In a show of solidarity, Garner’s daughter visited the memorial for the fallen officers two days after the shooting. Neither Bratton nor any police union officials had visited the memorial for Garner.
“It hit my heart because I know what it feels like, with this upcoming season and you don’t have your father around,” Emerald Snipes-Garner told reporters at the scene. “We have to be peaceful.”
Still, activist groups acknowledge they are vulnerable. Theirs is not an anti-police campaign, they say; they simply want a better, more accountable police force, one that doesn’t shatter the lives of city residents in the name of keeping them safe.
“This is a very fragile moment,” Donna Lieberman, executive director of New York Civil Liberties Union, said in a statement to BuzzFeed News. “We face the additional challenge of transforming the pain and anger our disparate communities feel into a commitment to reconciliation.”
Andrew Burton / Getty Images
To those angry and fearful of what they see as an “anti-police” sentiment, Liu and Ramos’ deaths were an inevitable tragedy.
“There were those protesters on the Brooklyn Bridge chanting, 'What do we want? Dead cops! When do we want them? Now!'” said retired NYPD Lt. Joe Ranone. “Would you say that’s encouraging somebody to kill a cop?”
In early December, at a police union meeting, Lynch divided the city into “our friends” and “our enemies,” although he did not identify who was who. But when it came to the enemies, he told the police union delegates before him, “The rules are made by them to hurt you.”
The coming days, some activists believe, may determine the fate of efforts to place police practices under greater scrutiny. Vincent Warren, executive director of the Center for Constitutional Rights, which sued the city over stop-and-frisk, is “absolutely” concerned that the past few days may erase months of momentum.

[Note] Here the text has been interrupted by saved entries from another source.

Lemma zero_locus_union_eqs :
  zero_locus (union_eqs H1 H2) w <-> zero_locus H1 u \/ zero_locus H2 v.
Proof.
have evE h1 h2 i j : List.In h1 H1 -> List.In h2 H2 -> exists2 e : L,
    (u i != 0 -> v j != 0 -> e != 0) &
    evK iota (segre_lift1 j h1 * segre_lift2 i h2) w = e * (evK iota h1 u * evK iota h2 v).
  move=> ih1 ih2; rewrite evKM; have [e1 he1 ->] := evK_segre_lift1_homog j ih1.
  have [e2 he2 ->] := evK_segre_lift2_homog i ih2.
  by exists (e1 * e2); [move=> hi hj; rewrite mulf_neq0 ?he1 ?he2|rewrite mulrACA].
split => [hz|hz h /In_flat_enum [[h1 h2] [[i j] [/List.in_prod_iff [ih1 ih2] ->]]]].
  case: (classic (zero_locus H1 u)) => [|/not_zero_locus [h1 ih1 nz1]]; [by left|right].
  move=> h2 ih2; have [i0 hi0] := hu; have [j0 hj0] := hv.
  have [e /(_ hi0 hj0) he ev] := evE h1 h2 i0 j0 ih1 ih2.
  have /eqP := hz _ (In_union_eqs i0 j0 ih1 ih2).
  by rewrite /= ev !mulf_eq0 (negbTE he) (negbTE nz1) => /eqP.
have [e _ ->] := evE h1 h2 i j ih1 ih2.
by case: hz => [z|z]; rewrite z // ?mul0r ?mulr0.
Qed.

Lemma zero_locus_inter_eqs :
  zero_locus (inter_eqs H1 H2) w <-> zero_locus H1 u /\ zero_locus H2 v.
Proof.
split => [hz|[z1 z2] h /List.in_app_iff [] /In_flat_enum [h' [k [ih ->]]]].
- have [i0 hi0] := hu; have [j0 hj0] := hv.
  split => h ih.
    have [e /(_ hj0) he ev] := evK_segre_lift1_homog j0 ih.
    have /eqP := hz _ (In_inter_eqs1 H2 j0 ih).
    by rewrite ev mulf_eq0 (negbTE he) => /eqP.
  have [e /(_ hi0) he ev] := evK_segre_lift2_homog i0 ih.
  have /eqP := hz _ (In_inter_eqs2 H1 i0 ih).
  by rewrite ev mulf_eq0 (negbTE he) => /eqP.
- by have [e _ ->] := evK_segre_lift1_homog k ih; rewrite z1 ?mulr0.
- by have [e _ ->] := evK_segre_lift2_homog k ih; rewrite z2 ?mulr0.
Qed.

End ZeroLocus.

Lemma ppts_pprod_vscale u v c : ppts X u -> ppts Y v -> c != 0 ->
  nonzero_vec (segre u v) -> ppts (pprod X Y) (vscale c (segre u v)).
Proof. by move=> hu hv hc huv; exists u, v; do 2!split => //; exact: proportional_vscale. Qed.

Lemma KDML_pprod_orbit S1 S2 : nonzero_pts X -> nonzero_pts Y ->
  KDML iota X S1 -> KDML iota Y S2 ->
  exists Phi, is_Kendo iota (pprod X Y) Phi /\
  exists alpha, ppts (pprod X Y) alpha /\ Krational iota alpha /\
  exists H1 H2, homog_all H1 /\ homog_all H2 /\
  forall n, exists u v c,
    [/\ ppts X u, ppts Y v, c != 0 & iter n Phi alpha = vscale c (segre u v)] /\
    (S1 n <-> zero_locus H1 u) /\ (S2 n <-> zero_locus H2 v).
Proof.
move=> nzX nzY [phi1 [[pats1 endo1] [a1 [ha1 [ra1 [H1 [hH1 hS1]]]]]]].
move=> [phi2 [[pats2 endo2] [a2 [ha2 [ra2 [H2 [hH2 hS2]]]]]]].
have n12 : nonzero_vec (segre a1 a2) by apply: segre_nonzero; [exact: nzX|exact: nzY].
exists (endo_pprod pats1 pats2); split; first exact: (is_Kendo_endo_pprod endo1 endo2 nzX nzY).
exists (segre a1 a2); split; first by exists a1, a2; do 2!split => //; exact: proportional_refl.
split; first exact: Krational_segre.
exists H1, H2; split => //; split => // n.
have [o1 o2 [_ [c [hc ew]]]] := iter_endo_pprod endo1 endo2 nzX nzY n ha1 ha2.
exists (iter n phi1 a1), (iter n phi2 a2), c.
by rewrite hS1 hS2; do 2!split => //; split => [[]|].
Qed.

Lemma KDML_pprod_or S1 S2 : nonzero_pts X -> nonzero_pts Y ->
  KDML iota X S1 -> KDML iota Y S2 -> KDML iota (pprod X Y) (fun n => S1 n \/ S2 n).
Proof.
move=> nzX nzY k1 k2.
have [Phi [endo [al [hal [ral [H1 [H2 [hH1 [hH2 orb]]]]]]]]] := KDML_pprod_orbit nzX nzY k1 k2.
exists Phi; split => //; exists al; do 2!split => //.
exists (union_eqs H1 H2); split; first exact: union_eqs_homog.
move=> n; have [u [v [c [[hu hv hc ->] [e1 e2]]]]] := orb n.
have [nu nv] := (nzX _ hu, nzY _ hv).
rewrite e1 e2 -(zero_locus_union_eqs hH1 hH2 hc nu nv).
split => [z|[_ z]//]; split => //.
by apply: ppts_pprod_vscale => //; exact: segre_nonzero.
Qed.

Lemma KDML_pprod_and S1 S2 : nonzero_pts X -> nonzero_pts Y ->
  KDML iota X S1 -> KDML iota Y S2 -> KDML iota (pprod X Y) (fun n => S1 n /\ S2 n).
Proof.
move=> nzX nzY k1 k2.
have [Phi [endo [al [hal [ral [H1 [H2 [hH1 [hH2 orb]]]]]]]]] := KDML_pprod_orbit nzX nzY k1 k2.
exists Phi; split => //; exists al; do 2!split => //.
exists (inter_eqs H1 H2); split; first exact: inter_eqs_homog.
move=> n; have [u [v [c [[hu hv hc ->] [e1 e2]]]]] := orb n.
have [nu nv] := (nzX _ hu, nzY _ hv).
rewrite e1 e2 -(zero_locus_inter_eqs hH1 hH2 hc nu nv).
split => [z|[_ z]//]; split => //.
by apply: ppts_pprod_vscale => //; exact: segre_nonzero.
Qed.

End Product.

Section Sequences.
Variables (K : fieldType) (L : closedFieldType) (iota : {rmorphism K -> L}).

Lemma KDML_ext (X : pset L) (S S' : nat -> Prop) :
  (forall n, S n <-> S' n) -> KDML iota X S -> KDML iota X S'.
Proof.
move=> e [phi [endo [al [hal [ral [H [hH hS]]]]]]].
exists phi; split => //; exists al; do 2!split => //; exists H; split => // n.
by rewrite -e.
Qed.

Lemma nonzero_pts_qpvar (X : pset L) : is_qpvar iota X -> nonzero_pts X.
Proof. by move=> [F [G [_ [_ e]]]] x /e []. Qed.

Lemma nonzero_pts_pprod (X Y : pset L) : nonzero_pts (pprod X Y).
Proof. by move=> z [x [y [_ [_ h]]]]; exact: proportional_nonzero h. Qed.

Lemma nonzero_pts_pprod_seq (T : Type) (XS : seq (pset L * T)) :
  (forall XSi, List.In XSi XS -> nonzero_pts XSi.1) -> nonzero_pts (pprod_seq (map fst XS)).
Proof.
case: XS => [|X [|Y XS]] hXS /=; [by move=> x|exact: hXS (or_introl erefl)|].
exact: nonzero_pts_pprod.
Qed.

Lemma KDML_pprod_seq (comb : (nat -> Prop) -> (nat -> Prop) -> nat -> Prop)
    (Q : seq (pset L * (nat -> Prop)) -> nat -> Prop) :
  (forall X Y S1 S2, nonzero_pts X -> nonzero_pts Y ->
     KDML iota X S1 -> KDML iota Y S2 -> KDML iota (pprod X Y) (comb S1 S2)) ->
  (forall XSi n, Q [:: XSi] n <-> XSi.2 n) ->
  (forall XSi XSj XS n, Q [:: XSi, XSj & XS] n <-> comb XSi.2 (Q (XSj :: XS)) n) ->
  forall XS, XS <> [::] ->
  (forall XSi, List.In XSi XS -> is_qpvar iota XSi.1) ->
  (forall XSi, List.In XSi XS -> KDML iota XSi.1 XSi.2) ->
  KDML iota (pprod_seq (map fst XS)) (Q XS).
Proof.
move=> hcomb Q1 Qcons; elim=> [//|X [|Y XS] IH] _ hX hS.
  by apply: KDML_ext (hS X (or_introl erefl)) => n; rewrite Q1.
apply: KDML_ext (fun n => iff_sym (Qcons X Y XS n)) _.
apply: hcomb; last 1 first.
- by apply: IH => // XSi h; [apply: hX|apply: hS]; right.
- exact/nonzero_pts_qpvar/hX/or_introl.
- by apply: (nonzero_pts_pprod_seq (XS := Y :: XS)) => XSi h; apply/nonzero_pts_qpvar/hX/or_intror.
- exact: hS (or_introl erefl).
Qed.

End Sequences.

Theorem lemma2p1 (K : fieldType) (L : closedFieldType) (iota : {rmorphism K -> L})
  (hK : ~ (forall x : K, x = 0%R \/ x = 1%R))
  (XS : seq (pset L * (nat -> Prop)))
  (hm : XS <> [::])
  (hX : forall XSi, List.In XSi XS -> is_qpvar iota XSi.1)
  (hS : forall XSi, List.In XSi XS -> KDML iota XSi.1 XSi.2) :
  KDML iota (pprod_seq (map fst XS)) (fun n => exists XSi, List.In XSi XS /\ XSi.2 n) /\
  KDML iota (pprod_seq (map fst XS)) (fun n => forall XSi, List.In XSi XS -> XSi.2 n).
Proof.
split.
  apply: (KDML_pprod_seq (comb := fun S1 S2 n => S1 n \/ S2 n)
           (Q := fun XS n => exists XSi, List.In XSi XS /\ XSi.2 n) _ _ _ hm hX hS).
  - exact: KDML_pprod_or.
  - by move=> XSi n; split => [[Z [[<-|[]] h]]|h] //; exists XSi; split => //; left.
  move=> XSi XSj XS' n.
  split => [[Z [[<-|hZ] h]]|[h|[Z [hZ h]]]]; [by left|by right; exists Z|..].
    by exists XSi; split => //; left.
  by exists Z; split => //; right.
apply: (KDML_pprod_seq (comb := fun S1 S2 n => S1 n /\ S2 n)
         (Q := fun XS n => forall XSi, List.In XSi XS -> XSi.2 n) _ _ _ hm hX hS).
- exact: KDML_pprod_and.
- by move=> XSi n; split => [/(_ XSi (or_introl erefl))|h Z [<-|[]]].
move=> XSi XSj XS' n.
split => [h|[h1 h2] Z [<-|hZ]] //; last exact: h2.
by split => [|Z hZ]; apply: h; [left|right].
Qed.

On the Monday after the shooting, de Blasio called for a suspension of the protests until after the funerals of Liu and Ramos, but hundreds of people turned up anyway, many holding signs with anti-police slogans. At Ramos' funeral, several hundred officers staged their own protest against de Blasio, turning their backs on the mayor as he delivered a eulogy for the slain officer.
Warren said de Blasio’s request played right into the hands of those attempting to poison the movement going forward. Stopping the protests, he added, “gives rise to the narrative that they’re connected. The two are not even closely linked.”

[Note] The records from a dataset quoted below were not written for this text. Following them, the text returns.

(* Let $A\in\mathbb Z^{d\times n}$ with $\ker(A)\cap\mathbb N^n=\{0\}$, and let $I(A)\subseteq G(A)$ be the set of $g\in G(A)$ whose distance is not reduced by any element of $D(A)$. If $z\in\ker(A)\setminus G(A)$ is such that no element of $D(A)$ reduces the distance of $z$, then for any decomposition $z=g_1+\dots+g_k$ with $g_i\in G(A)$, $z^+=\sum_i g_i^+$ and $z^-=\sum_i g_i^-$, we have $g_i\in I(A)$ for each $i\in\{1,\dots,k\}$.
   Context: For $z\in\mathbb Z^n$, $z^\pm\in\mathbb N^n$ are the unique vectors with disjoint supports and $z=z^+-z^-$; $\|\cdot\|$ is the $1$-norm; $\le$ is coordinatewise. $G(A)$ is the set of nonzero $z\in\ker(A)$ admitting no decomposition $z=u+v$ with $u,v\in\ker(A)\setminus\{0\}$, $z^+=u^++v^+$, $z^-=u^-+v^-$. A positive (resp. negative) distance decomposition of $z\in\ker(A)$ is $z=u+v$ with $u,v\in\ker(A)\setminus\{0\}$, $u^+\le z^+$ (resp. $u^-\le z^-$), $\|v\|<\|z\|$; $D(A)$ is the set of nonzero $z\in\ker(A)$ admitting neither a positive nor a negative distance decomposition. For nonzero $w\in\ker(A)$, $u\in\ker(A)$ reduces the distance of $w$ if there exist $(p,q)\in\{(w^+,w^-),(w^-,w^+)\}$ and $\varepsilon\in\{\pm1\}$ with $p+\varepsilon u\in\mathbb N^n$ and $\|p+\varepsilon u-q\|<\|w\|$. *)

From mathcomp Require Import all_boot all_order all_algebra.
Set Implicit Arguments. Unset Strict Implicit. Unset Printing Implicit Defensive.
Import Order.TTheory GRing.Theory Num.Theory.
Local Open Scope ring_scope.

Section Defs.
Variables (d n : nat) (A : 'M[int]_(d, n)).

Definition inker (z : 'cV[int]_n) : Prop := A *m z = 0.

Definition vpos (z : 'cV[int]_n) : 'cV[int]_n := \col_i Num.max (z i 0) 0.
Definition vneg (z : 'cV[int]_n) : 'cV[int]_n := \col_i Num.max (- z i 0) 0.

Definition norm1 (z : 'cV[int]_n) : int := \sum_i `|z i 0|.

Definition lev (u v : 'cV[int]_n) : Prop := forall i, u i 0 <= v i 0.
Definition natvec (u : 'cV[int]_n) : Prop := forall i, 0 <= u i 0.

Definition inG (z : 'cV[int]_n) : Prop :=
  inker z /\ z <> 0 /\
  ~ (exists u v, [/\ inker u /\ inker v, u <> 0 /\ v <> 0, z = u + v,
        vpos z = vpos u + vpos v & vneg z = vneg u + vneg v]).

Definition pos_dist_dec (z : 'cV[int]_n) : Prop :=
  exists u v, [/\ inker u /\ inker v, u <> 0 /\ v <> 0, z = u + v,
     lev (vpos u) (vpos z) & norm1 v < norm1 z].
Definition neg_dist_dec (z : 'cV[int]_n) : Prop :=
  exists u v, [/\ inker u /\ inker v, u <> 0 /\ v <> 0, z = u + v,
     lev (vneg u) (vneg z) & norm1 v < norm1 z].

Definition inD (z : 'cV[int]_n) : Prop :=
  [/\ inker z, z <> 0, ~ pos_dist_dec z & ~ neg_dist_dec z].

Definition reduces (u w : 'cV[int]_n) : Prop :=
  inker u /\
  exists (p q : 'cV[int]_n) (eps : int),
    [/\ (p, q) = (vpos w, vneg w) \/ (p, q) = (vneg w, vpos w),
        eps = 1 \/ eps = -1,
        natvec (p + eps *: u) &
        norm1 (p + eps *: u - q) < norm1 w].

Definition inI (g : 'cV[int]_n) : Prop :=
  inG g /\ forall u, inD u -> ~ reduces u g.

End Defs.

(** Write [z^+ = g_i^+ + R] and [z^- = g_i^- + S] with [R, S] the sums of the
    other parts, so [R, S >= 0] and [||z|| = ||g_i|| + ||R|| + ||S||].  If
    [u] reduces the distance of [g_i] via [p + eps u - q], then adding [R] to
    [p] keeps it nonnegative, and adding [R] to [p] and [S] to [q] raises the
    distance by at most [||R|| + ||S||], i.e. by no more than [||z||] exceeds
    [||g_i||].  Hence [u] also reduces the distance of [z], which no element
    of [D(A)] does. *)
From mathcomp Require Import all_boot all_order all_algebra.
From mathcomp Require Import zify.
Import Order.TTheory GRing.Theory Num.Theory.
Local Open Scope ring_scope.

Section DistanceReduction.
Context {d n : nat} (A : 'M[int]_(d, n)).
Implicit Types (p q u w x y z R S : 'cV[int]_n).

Lemma natvec_vpos w : natvec (vpos w).
Proof. by move=> j; rewrite mxE le_max lexx orbT. Qed.

Lemma natvec_vneg w : natvec (vneg w).
Proof. by move=> j; rewrite mxE le_max lexx orbT. Qed.

Lemma natvec_sum (I : finType) (P : pred I) (F : I -> 'cV[int]_n) :
  (forall j, natvec (F j)) -> natvec (\sum_(j | P j) F j).
Proof. by move=> F_nat j; rewrite summxE sumr_ge0 // => l _; apply: F_nat. Qed.

Lemma bigD1_natvec {I : finType} {F : I -> 'cV[int]_n} i :
  (forall j, natvec (F j)) -> exists2 R, natvec R & \sum_j F j = F i + R.
Proof.
move=> F_nat; exists (\sum_(j | j != i) F j); first exact: natvec_sum.
exact: bigD1.
Qed.

Lemma norm1N x : norm1 (- x) = norm1 x.
Proof. by apply: eq_bigr => j _; rewrite mxE normrN. Qed.

Lemma norm1D_le x y : norm1 (x + y) <= norm1 x + norm1 y.
Proof. by rewrite -big_split ler_sum // => j _; rewrite mxE ler_normD. Qed.

Lemma norm1D_natvec {x y} :
  natvec x -> natvec y -> norm1 (x + y) = norm1 x + norm1 y.
Proof.
move=> x_nat y_nat; rewrite -big_split; apply: eq_bigr => j _.
by rewrite mxE !ger0_norm ?addr_ge0.
Qed.

Lemma norm1_vpos_vneg w : norm1 w = norm1 (vpos w) + norm1 (vneg w).
Proof.
by rewrite -big_split; apply: eq_bigr => j _; rewrite /= !mxE; lia.
Qed.

Lemma dist_reduction_shift {p q R S x} :
  natvec p -> natvec q -> natvec R -> natvec S ->
  natvec (p + x) -> norm1 (p + x - q) < norm1 p + norm1 q ->
  natvec (p + R + x) /\
  norm1 (p + R + x - (q + S)) < norm1 (p + R) + norm1 (q + S).
Proof.
move=> p_nat q_nat R_nat S_nat px_nat lt_dist; split.
  by rewrite addrAC => j; rewrite mxE addr_ge0.
have -> : p + R + x - (q + S) = (p + x - q) + (R - S).
  by rewrite opprD [p + R + x]addrAC addrACA.
rewrite (norm1D_natvec p_nat R_nat) (norm1D_natvec q_nat S_nat).
rewrite [X in _ < X]addrACA.
apply: (le_lt_trans (norm1D_le _ _)); rewrite ltr_leD //.
by rewrite -(norm1N S) norm1D_le.
Qed.

Lemma reduces_extend {u w z R S} :
  natvec R -> natvec S -> vpos z = vpos w + R -> vneg z = vneg w + S ->
  reduces A u w -> reduces A u z.
Proof.
move=> R_nat S_nat Pz Nz [Ku [p [q [e [pq_w e_unit pu_nat lt_dist]]]]].
split=> //; rewrite [norm1 w]norm1_vpos_vneg in lt_dist.
have [Pw_nat Nw_nat] := (natvec_vpos w, natvec_vneg w).
case: pq_w => [[-> ->] | [-> ->]] in pu_nat lt_dist *.
- have [] := dist_reduction_shift Pw_nat Nw_nat R_nat S_nat pu_nat lt_dist.
  exists (vpos z), (vneg z), e.
  by rewrite [norm1 z]norm1_vpos_vneg Pz Nz; split=> //; left.
- rewrite [X in _ < X]addrC in lt_dist.
  have [] := dist_reduction_shift Nw_nat Pw_nat S_nat R_nat pu_nat lt_dist.
  exists (vneg z), (vpos z), e.
  by rewrite [norm1 z]norm1_vpos_vneg [X in _ < X]addrC Pz Nz; split=> //; right.
Qed.

End DistanceReduction.

Theorem proposition8p11 (d n : nat) (A : 'M[int]_(d, n)) :
  (forall z : 'cV[int]_n, inker A z -> natvec z -> z = 0) ->
  forall z : 'cV[int]_n,
    inker A z -> ~ inG A z ->
    (forall u, inD A u -> ~ reduces A u z) ->
    forall (k : nat) (g : 'I_k -> 'cV[int]_n),
      (forall i, inG A (g i)) ->
      z = \sum_(i < k) g i ->
      vpos z = \sum_(i < k) vpos (g i) ->
      vneg z = \sum_(i < k) vneg (g i) ->
      forall i, inI A (g i).
Proof.
move=> _ z _ _ z_unreduced k g g_G _ Pz Nz i.
split=> [|u u_D u_red]; first exact: g_G.
have [R R_nat PzR] := bigD1_natvec i (fun j => natvec_vpos (g j)).
have [S S_nat NzS] := bigD1_natvec i (fun j => natvec_vneg (g j)).
apply: (z_unreduced u u_D).
by apply: (reduces_extend A R_nat S_nat _ _ u_red); rewrite ?Pz ?Nz.
Qed.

Shannon Stapleton / Reuters
Whatever the cause and effect, the NYPD’s response to a possible on-the-job danger that turned a tragic corner when Liu and Ramos were shot remains unclear.

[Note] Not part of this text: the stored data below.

(* Let $\mathcal{G}=(V,E)$ be a DAG and let $x,y\in V$ and $K\subseteq V$ be such that $K$ does not $d$-separate $x$ and $y$. Then there exists a path $p$ from $x$ to $y$ such that (i) no non-collider on $p$ is in $K$, (ii) for every collider $n_i$ on $p$ there exists a directed path $q_i$ from $n_i$ to some $k_i\in K$ (possibly of length zero, $n_i=k_i$), (iii) each $q_i$ intersects $p$ only at $n_i$, and (iv) the paths $q_i$ are pairwise node-disjoint.
   Context: A path in a DAG is a sequence of distinct nodes in which consecutive nodes are adjacent; a node $k$ on a path is a collider if the path has consecutive edges $u\to k\leftarrow w$, and a non-collider otherwise. A directed path is one all of whose edges point in the same direction along the path. $d$-separation: $K$ $d$-separates $x$ and $y$ if every path between them contains a non-collider in $K$ or a collider that is not in $K$ and has no descendant in $K$. *)

From mathcomp Require Import all_boot.
Set Implicit Arguments. Unset Strict Implicit. Unset Printing Implicit Defensive.

Section DAG.
Variables (T : finType) (E : rel T).

Definition adj : rel T := fun u v => E u v || E v u.

Definition is_dag : Prop :=
  forall (x : T) (p : seq T), path E x p -> last x p = x -> p = [::].

Definition is_gpath (x : T) (p : seq T) (y : T) : bool :=
  [&& path adj x p, uniq (x :: p) & last x p == y].

Definition is_dpath (x : T) (q : seq T) : bool := path E x q && uniq (x :: q).

Definition collider (s : seq T) (k : T) : bool :=
  [exists i : 'I_(size s),
    [&& 0 < (i : nat), (i : nat).+1 < size s, nth k s i == k,
        E (nth k s (i : nat).-1) k & E (nth k s (i : nat).+1) k]].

Despite the December shootings, being a cop in New York is much safer than it used to be. From 1971 to 1980, 60 NYPD officers were killed and 235 were injured by gunfire, according to a recent New York Daily News analysis of police data. From 1981 to 1990, 28 were killed and 203 injured. By contrast, eight officers were killed and 46 injured from 2004 to 2013.
To the cops of the 1970s and '80s, today’s danger is different from the one they faced when organized groups, like drug kingpins or the Black Liberation Army, actively targeted officers. Those enemies were ruthless and powerful, but cops knew how to deal with them through the frame of crime-fighting.
“Back then there were more organized groups that were bent on executing cops,” said Ranone. “This one on Saturday was just a nut who apparently hated cops.”
The way some former cops see things today, the threat is not a tangible group, but a climate of hostility they believe is out of the police department’s control. Activists, meanwhile, fear that the city’s police will exploit the martyrdom of their slain comrades to again escape accountability.
“I see tough times ahead right now,” said Ranone. “It’s just gone too far. The copycats, you know. They’ll just come out of nowhere and do it.”
Something changed when Liu and Ramos were shot, protesters and cops agreed. And now they’re all just waiting to see which direction the pendulum will swing.